Of all our complex and powerful emotions, anger remains the most misunderstood. Whereas love is regarded as beautiful and enhancing, anger is considered ugly and degrading. However, if we can separate anger from aggression, then we can express our annoyance, indignation or outrage, without trying to crush or humiliate our adversary in the process. Anger is a response to frustration, unfairness or invasion and can be communicated without attacking another, whereas aggression is rooted in anxiety and fear and always focuses on a target, with an aim of self-protection and 'being right'
The first steps to assertive behaviour are recognition, acknowledgement and verbal expression. This is because until there is acceptance of a feeling, whatever it is, the battle will continue between the body, (which attempts to release the feeling), and the head (which has learned to keep everything battened down). The greater the pressure for the feeling to be released, the greater the counter-effort of the head to control and prevent expression. All this leads to increased tension and results in either an avalanche of exploding emotions, or subsidence where we succumb to all sorts of illnesses and mental exhaustion. But self-disclosure can act in an extraordinary way here, to allow the mouth to articulate feelings and form a meeting point between the battling head and body. The head and body start to act together, with the head finding language to translate the physical sensations of the emotion, thus easing the conflict.
So to put simply, saying our stuff, one way or another, is the route to bringing the person we are on the inside and the one we are on the outside closer together, causing increased self-esteem. Be mindful though, because there's saying your stuff, and then there's saying your stuff – so to do this well, here are a few tips:
1) Identify your feelings and if you are at boiling point, take time and action to allow the heat (aggression) to come out, before you try to communicate your thoughts and wishes to another. (Ooops! I have to work on this one!)
2) Express your feelings as calmly as possible, being clear, specific and factual, whilst appropriately matching what you say to the level of what you feel.
3) Describe the reason for your feelings without blaming or shaming.
4) Request a change - be specific here......ie. 'I am requesting that in our future conversations you speak to me in a respectful manner.'
Personally, I would think a consequence for 'no change' should be considered as a step 5......ie. 'If you simply can't stop speaking to me in a derogatory way, I will no longer be able to visit you.' This could either be communicated, or just acted upon if your request is not met.
Make sure, that you listen to the other person, respectfully hearing what they have to say – that way you don’t lose ground if you have misinterpreted what may actually turn out to be a benign situation, or make an enemy out of someone who is simply misguided and prepared to be better informed.

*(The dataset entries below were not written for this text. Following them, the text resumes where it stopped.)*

(* The monads $\mathbb J=(J,\eta,\psi)$ and $\mathbb I=(I,\eta,\zeta)$ are not isomorphic; that is, there is no natural isomorphism $k\colon I\to J$ of functors with $k\circ\eta=\eta$ and $k_X\circ\zeta_X=\psi_X\circ J(k_X)\circ k_{I(X)}$ for all $X$.
   Context: A max-min measure on a compact Hausdorff space $X$ is a functional $\mu\colon C(X)\to\mathbb R$ (not assumed continuous) with $\mu(c_X)=c$ for constants, $\mu(\varphi\vee\psi)=\mu(\varphi)\vee\mu(\psi)$, $\mu(c\wedge\varphi)=c\wedge\mu(\varphi)$ for $c\in\mathbb R$. A max-plus (idempotent) measure is a functional $\mu\colon C(X)\to\mathbb R$ with $\mu(c_X)=c$, $\mu(\varphi\vee\psi)=\mu(\varphi)\vee\mu(\psi)$, $\mu(c_X+\varphi)=c+\mu(\varphi)$. $J(X)$, $I(X)$ are the respective sets with the topology of pointwise convergence on $C(X)$; on maps, $J(f)(\mu)=\mu(\cdot\circ f)$, $I(f)(\mu)=\mu(\cdot\circ f)$. In both monads the unit is $\eta_X(x)=\delta_x$, $\delta_x(\varphi)=\varphi(x)$. The multiplications are $\psi_X\colon J(J(X))\to J(X)$, $\psi_X(M)(\varphi)=M(\bar\varphi)$, and $\zeta_X\colon I(I(X))\to I(X)$, $\zeta_X(M)(\varphi)=M(\bar\varphi)$, where $\bar\varphi(\mu)=\mu(\varphi)$; in particular $\zeta_X(\vee_{i=1}^n(\beta_i+\delta_{\mu_i}))=\vee_{i=1}^n(\beta_i+\mu_i)$ for $\beta_i\in[-\infty,0]$ with $\max_i\beta_i=0$ and $\mu_i\in I(X)$, and $\psi_X(\vee_{i=1}^n(\alpha_i\wedge\delta_{\mu_i}))=\vee_{i=1}^n(\alpha_i\wedge\mu_i)$ for $\alpha_i\in\mathbb R\cup\{\infty\}$ with $\max_i\alpha_i=\infty$, $\mu_i\in J(X)$. The monads are considered on the category $\mathbf{Comp}$ of compact Hausdorff spaces. *)

From Stdlib Require Import Reals Lra List.
Open Scope R_scope.
Set Implicit Arguments.

Record TopSpace := {
  carrier :> Type;
  open : (carrier -> Prop) -> Prop;
  open_full : open (fun _ => True);
  open_inter : forall U V, open U -> open V -> open (fun x => U x /\ V x);
  open_union : forall F : (carrier -> Prop) -> Prop,
      (forall U, F U -> open U) -> open (fun x => exists U, F U /\ U x)
}.

Definition compact (X : TopSpace) : Prop :=
  forall F : (X -> Prop) -> Prop,
    (forall U, F U -> open X U) ->
    (forall x, exists U, F U /\ U x) ->
    exists l : list (X -> Prop),
      (forall U, In U l -> F U) /\ (forall x, exists U, In U l /\ U x).

Definition hausdorff (X : TopSpace) : Prop :=
  forall x y : X, x <> y ->
    exists U V, open X U /\ open X V /\ U x /\ V y /\ (forall z, ~ (U z /\ V z)).

Definition CompHaus (X : TopSpace) : Prop := compact X /\ hausdorff X.

Definition continuous {X Y : TopSpace} (f : X -> Y) : Prop :=
  forall V, open Y V -> open X (fun x => V (f x)).

Record cmap (X Y : TopSpace) := { cfun :> X -> Y; cfun_cont : continuous cfun }.

Definition R_open (U : R -> Prop) : Prop :=
  forall x, U x -> exists e, 0 < e /\ forall y, Rabs (y - x) < e -> U y.

Lemma R_open_full : R_open (fun _ => True).
Proof. intros x _; exists 1; split; [lra | auto]. Qed.

Lemma R_open_inter : forall U V, R_open U -> R_open V -> R_open (fun x => U x /\ V x).
Proof.
  intros U V HU HV x [Ux Vx].
  destruct (HU x Ux) as [e1 [He1 H1]]; destruct (HV x Vx) as [e2 [He2 H2]].
  exists (Rmin e1 e2); split.
  - apply Rmin_pos; assumption.
  - intros y Hy; split.
    + apply H1; eapply Rlt_le_trans; [exact Hy | apply Rmin_l].
    + apply H2; eapply Rlt_le_trans; [exact Hy | apply Rmin_r].
Qed.

Lemma R_open_union : forall F : (R -> Prop) -> Prop,
  (forall U, F U -> R_open U) -> R_open (fun x => exists U, F U /\ U x).
Proof.
  intros F HF x [U [FU Ux]].
  destruct (HF U FU x Ux) as [e [He H]].
  exists e; split; [exact He|]. intros y Hy; exists U; auto.
Qed.

Definition R_top : TopSpace :=
  {| carrier := R; open := R_open; open_full := R_open_full;
     open_inter := R_open_inter; open_union := R_open_union |}.

Definition C (X : TopSpace) := cmap X R_top.

Definition ccomp {X Y : TopSpace} (phi : C Y) (f : cmap X Y) : C X :=
  {| cfun := fun x => phi (f x);
     cfun_cont := fun V hV => cfun_cont f _ (cfun_cont phi V hV) |}.

Inductive gen_open {T : Type} (S : (T -> Prop) -> Prop) : (T -> Prop) -> Prop :=
  | go_sub : forall U, S U -> gen_open S U
  | go_full : gen_open S (fun _ => True)
  | go_inter : forall U V, gen_open S U -> gen_open S V -> gen_open S (fun x => U x /\ V x)
  | go_union : forall F : (T -> Prop) -> Prop,
      (forall U, F U -> gen_open S U) -> gen_open S (fun x => exists U, F U /\ U x).

Definition gen_top (T : Type) (S : (T -> Prop) -> Prop) : TopSpace :=
  {| carrier := T; open := gen_open S; open_full := @go_full T S;
     open_inter := @go_inter T S; open_union := @go_union T S |}.

(** Topology of pointwise convergence on a set of functionals C(X) -> R *)
Definition pw_sub (X : TopSpace) (P : (C X -> R) -> Prop)
  : ({m : C X -> R | P m} -> Prop) -> Prop :=
  fun V => exists (phi : C X) (U : R -> Prop),
     R_open U /\ forall mu, V mu <-> U (proj1_sig mu phi).

Definition pw_top (X : TopSpace) (P : (C X -> R) -> Prop) : TopSpace :=
  gen_top (@pw_sub X P).

Definition bar {X : TopSpace} {P : (C X -> R) -> Prop} (phi : C X)
  : C (@pw_top X P) :=
  {| cfun := fun mu : @pw_top X P => (proj1_sig mu phi : R_top);
     cfun_cont := fun V hV =>
        @go_sub _ (@pw_sub X P) _ (ex_intro _ phi (ex_intro _ V (conj hV (fun mu => iff_refl _)))) |}.

Definition is_maxmin {X : TopSpace} (mu : C X -> R) : Prop :=
  (forall (phi : C X) (c : R), (forall x, phi x = c) -> mu phi = c) /\
  (forall phi psi chi : C X, (forall x, chi x = Rmax (phi x) (psi x)) ->
        mu chi = Rmax (mu phi) (mu psi)) /\
  (forall (c : R) (phi chi : C X), (forall x, chi x = Rmin c (phi x)) ->
        mu chi = Rmin c (mu phi)).

Definition is_maxplus {X : TopSpace} (mu : C X -> R) : Prop :=
  (forall (phi : C X) (c : R), (forall x, phi x = c) -> mu phi = c) /\
  (forall phi psi chi : C X, (forall x, chi x = Rmax (phi x) (psi x)) ->
        mu chi = Rmax (mu phi) (mu psi)) /\
  (forall (c : R) (phi chi : C X), (forall x, chi x = c + phi x) ->
        mu chi = c + mu phi).

Definition J (X : TopSpace) : TopSpace := @pw_top X (@is_maxmin X).
Definition I (X : TopSpace) : TopSpace := @pw_top X (@is_maxplus X).

Definition J_map {X Y : TopSpace} (f : cmap X Y) (mu : J X) : J Y.
Proof.
  refine (exist _ (fun phi => proj1_sig mu (ccomp phi f)) _).
  destruct mu as [m [H1 [H2 H3]]]; simpl.
  split; [|split].
  - intros phi c H; apply H1; intros x; apply H.
  - intros phi psi chi H; apply H2; intros x; apply H.
  - intros c phi chi H; apply H3; intros x; apply H.
Defined.

Definition I_map {X Y : TopSpace} (f : cmap X Y) (mu : I X) : I Y.
Proof.
  refine (exist _ (fun phi => proj1_sig mu (ccomp phi f)) _).
  destruct mu as [m [H1 [H2 H3]]]; simpl.
  split; [|split].
  - intros phi c H; apply H1; intros x; apply H.
  - intros phi psi chi H; apply H2; intros x; apply H.
  - intros c phi chi H; apply H3; intros x; apply H.
Defined.

Definition deltaJ (X : TopSpace) (x : X) : J X.
Proof.
  refine (exist _ (fun phi : C X => phi x) _).
  split; [|split]; intros; auto.
Defined.

Definition deltaI (X : TopSpace) (x : X) : I X.
Proof.
  refine (exist _ (fun phi : C X => phi x) _).
  split; [|split]; intros; auto.
Defined.

Definition psi (X : TopSpace) (M : J (J X)) : J X.
Proof.
  refine (exist _ (fun phi : C X => proj1_sig M (@bar X (@is_maxmin X) phi)) _).
  destruct M as [m [H1 [H2 H3]]]; simpl.
  split; [|split].
  - intros phi c H; apply H1; intros [mu [K1 [K2 K3]]]; simpl; apply K1; exact H.
  - intros phi ps chi H; apply H2; intros [mu [K1 [K2 K3]]]; simpl; apply K2; exact H.
  - intros c phi chi H; apply H3; intros [mu [K1 [K2 K3]]]; simpl; apply K3; exact H.
Defined.

Definition zeta (X : TopSpace) (M : I (I X)) : I X.
Proof.
  refine (exist _ (fun phi : C X => proj1_sig M (@bar X (@is_maxplus X) phi)) _).
  destruct M as [m [H1 [H2 H3]]]; simpl.
  split; [|split].
  - intros phi c H; apply H1; intros [mu [K1 [K2 K3]]]; simpl; apply K1; exact H.
  - intros phi ps chi H; apply H2; intros [mu [K1 [K2 K3]]]; simpl; apply K2; exact H.
  - intros c phi chi H; apply H3; intros [mu [K1 [K2 K3]]]; simpl; apply K3; exact H.
Defined.

(** Suppose [k : I -> J] were a monad isomorphism.  We test it on the discrete
    two-point space [2 = {true, false}] and on [M = I(f)(nu_{-1})], where
    [nu_u = delta_true \/ (u + delta_false)] and [f : 2 -> I(2)] sends [true] to
    [delta_true] and [false] to [nu_{-1}].  In [I] the multiplication adds the
    shifts: [zeta(M) = nu_{-2}].  In [J], by naturality and [k o eta = eta], the
    right-hand side of the multiplication law is [psi(J(k o f)(k nu_{-1}))],
    which equals [k nu_{-1}] because [min] is idempotent (lemma
    [maxmin_absorb]).  Hence [k nu_{-2} = k nu_{-1}], contradicting injectivity.

    Naturality at [f] is only available when [I(2)] is compact Hausdorff; most
    of the file proves this.  Every max-plus measure on [2] has the form
    [twopt P Q] with [P, Q >= 0], [max(P, Q) = 1] (lemma
    [maxplus_two_point_form]), so [I(2)] is the image of [[-1, 1]] under a
    continuous parametrization [mu]; the general lemmas on the pointwise
    topology and on images of intervals then give compactness. *)

From Pilot Require Import Defs.
From Stdlib Require Import Reals Lra List ProofIrrelevance FunctionalExtensionality
  ClassicalEpsilon Classical.
Open Scope R_scope.

Ltac rmm := unfold Rmax, Rmin in *; repeat destruct Rle_dec; lra.

Lemma sig_ext {A : Type} {P : A -> Prop} (a b : {x | P x}) :
  proj1_sig a = proj1_sig b -> a = b.
Proof. destruct a, b; simpl; intros ->; f_equal; apply proof_irrelevance. Qed.

Lemma R_open_ball (a d : R) : R_open (fun r => Rabs (r - a) < d).
Proof.
  intros x Hx. exists (d - Rabs (x - a)). split; [lra|].
  intros y Hy. pose proof (Rabs_triang (y - x) (x - a)) as Htri.
  replace (y - x + (x - a)) with (y - a) in Htri by ring. lra.
Qed.

(** The topology of pointwise convergence is Hausdorff: two distinct functionals
    differ at some [phi], and balls around their values at [phi] separate them. *)
Lemma pw_hausdorff (X : TopSpace) (P : (Defs.C X -> R) -> Prop) : hausdorff (pw_top P).
Proof.
  intros m1 m2 Hne.
  assert (exists phi, proj1_sig m1 phi <> proj1_sig m2 phi) as [phi Hphi].
  { apply NNPP; intro Hall. apply Hne, sig_ext, functional_extensionality.
    intro phi. apply NNPP; intro Hd; apply Hall; exists phi; exact Hd. }
  set (a := proj1_sig m1 phi) in *. set (b := proj1_sig m2 phi) in *.
  set (d := Rabs (a - b) / 2).
  assert (Hd : 0 < Rabs (a - b)) by (apply Rabs_pos_lt; lra).
  exists (fun mu : pw_top P => Rabs (proj1_sig mu phi - a) < d),
         (fun mu : pw_top P => Rabs (proj1_sig mu phi - b) < d).
  split; [|split; [|split; [|split]]].
  - apply go_sub. exists phi, (fun r => Rabs (r - a) < d).
    split; [apply R_open_ball | intro; tauto].
  - apply go_sub. exists phi, (fun r => Rabs (r - b) < d).
    split; [apply R_open_ball | intro; tauto].
  - simpl. fold a. unfold d. rewrite Rminus_diag, Rabs_R0. lra.
  - simpl. fold b. unfold d. rewrite Rminus_diag, Rabs_R0. lra.
  - intros z [H1 H2]. set (v := proj1_sig z phi) in *.
    pose proof (Rabs_triang (a - v) (v - b)) as Htri.
    replace (a - v + (v - b)) with (a - b) in Htri by ring.
    rewrite <- Rabs_Ropp in H1. replace (- (v - a)) with (a - v) in H1 by ring.
    unfold d in *. lra.
Qed.

Lemma continuity_pt_R_open (f : R -> R) (U : R -> Prop) :
  (forall t, continuity_pt f t) -> R_open U -> R_open (fun t => U (f t)).
Proof.
  intros Hf HU t Ht. destruct (HU (f t) Ht) as [e [He He2]].
  destruct (Hf t e He) as [d [Hd Hd']].
  exists d. split; auto. intros y Hy.
  destruct (Req_dec y t) as [->|Hne]; auto.
  apply He2, (Hd' y). split; [split; [exact Logic.I | auto] | exact Hy].
Qed.

(** A path [R -> pw_top P] is continuous as soon as each coordinate
    [t |-> f t (phi)] is continuous: it suffices to test the generating opens. *)
Lemma pw_continuous_from_R (X : TopSpace) (P : (Defs.C X -> R) -> Prop) (f : R_top -> pw_top P) :
  (forall phi t, continuity_pt (fun s => proj1_sig (f s) phi) t) -> continuous f.
Proof.
  intros Hf V HV. simpl in HV |- *. induction HV as [V [phi [U [HU HUV]]]| | |F _ IH].
  - intros t Ht. apply HUV in Ht.
    destruct (continuity_pt_R_open _ U (Hf phi) HU t Ht) as [e [He H']].
    exists e; split; auto. intros y Hy; apply HUV, H', Hy.
  - apply R_open_full.
  - apply R_open_inter; assumption.
  - intros t [U [FU Ut]]. destruct (IH U FU t Ut) as [e [He H']].
    exists e; split; auto. intros y Hy; exists U; auto.
Qed.

(** A continuous image of a compact interval [[a, b]] is compact (via the
    Heine-Borel property [compact_P3] of the interval). *)
Lemma compact_of_interval_image (Y : TopSpace) (f : R_top -> Y) (a b : R) :
  continuous f -> (forall y : Y, exists t, a <= t <= b /\ y = f t) -> Defs.compact Y.
Proof.
  intros Hf Hsurj F HF Hcov.
  pose (Uc := fun t => proj1_sig (constructive_indefinite_description _ (Hcov (f t)))).
  assert (HUc : forall t, F (Uc t) /\ Uc t (f t)).
  { intro t. unfold Uc. destruct (constructive_indefinite_description _ _); simpl; auto. }
  pose (fam := mkfamily (fun t => a <= t <= b) (fun x y => (a <= x <= b) /\ Uc x (f y))
                 (fun x H => match H with ex_intro _ _ (conj h _) => h end)).
  destruct (compact_P3 a b fam) as [D [Hfcov [l Hl]]].
  { split.
    - intros x Hx. exists x. simpl. split; auto. apply HUc.
    - intros x y [Hx Hy]. destruct (HUc x) as [FU _].
      destruct (Hf _ (HF _ FU) y Hy) as [e [He H']].
      exists (mkposreal e He). intros z Hz. split; auto. }
  exists (map Uc l). split.
  - intros U HU. apply in_map_iff in HU. destruct HU as [x [<- _]]. apply HUc.
  - intros y. destruct (Hsurj y) as [t [Ht ->]].
    destruct (Hfcov t Ht) as [x [[Hx HUx] HD]].
    exists (Uc x). split; auto. apply in_map, Hl. split; auto.
Qed.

Obviously achieving this takes practice, and often in our ordinary everyday situations we have a chance to be more honest with ourselves and others, whether it just saying a polite ‘no’ to a request that we don’t really want to fulfil, explaining how we feel when the workload is not shared equally, or simply withdrawing from being carried along by public holiday hype, just because it’s the expected way to behave.
I watch people with great respect who have mastered the art of diffusing a volatile situation simply by how they handle themselves, making their thoughts known, without being forceful or accusational, but calmly, confidently and…… well …..assertively. I confess I have quite a way to go on this front, but hopefully my little moxie moments are steps in the right direction.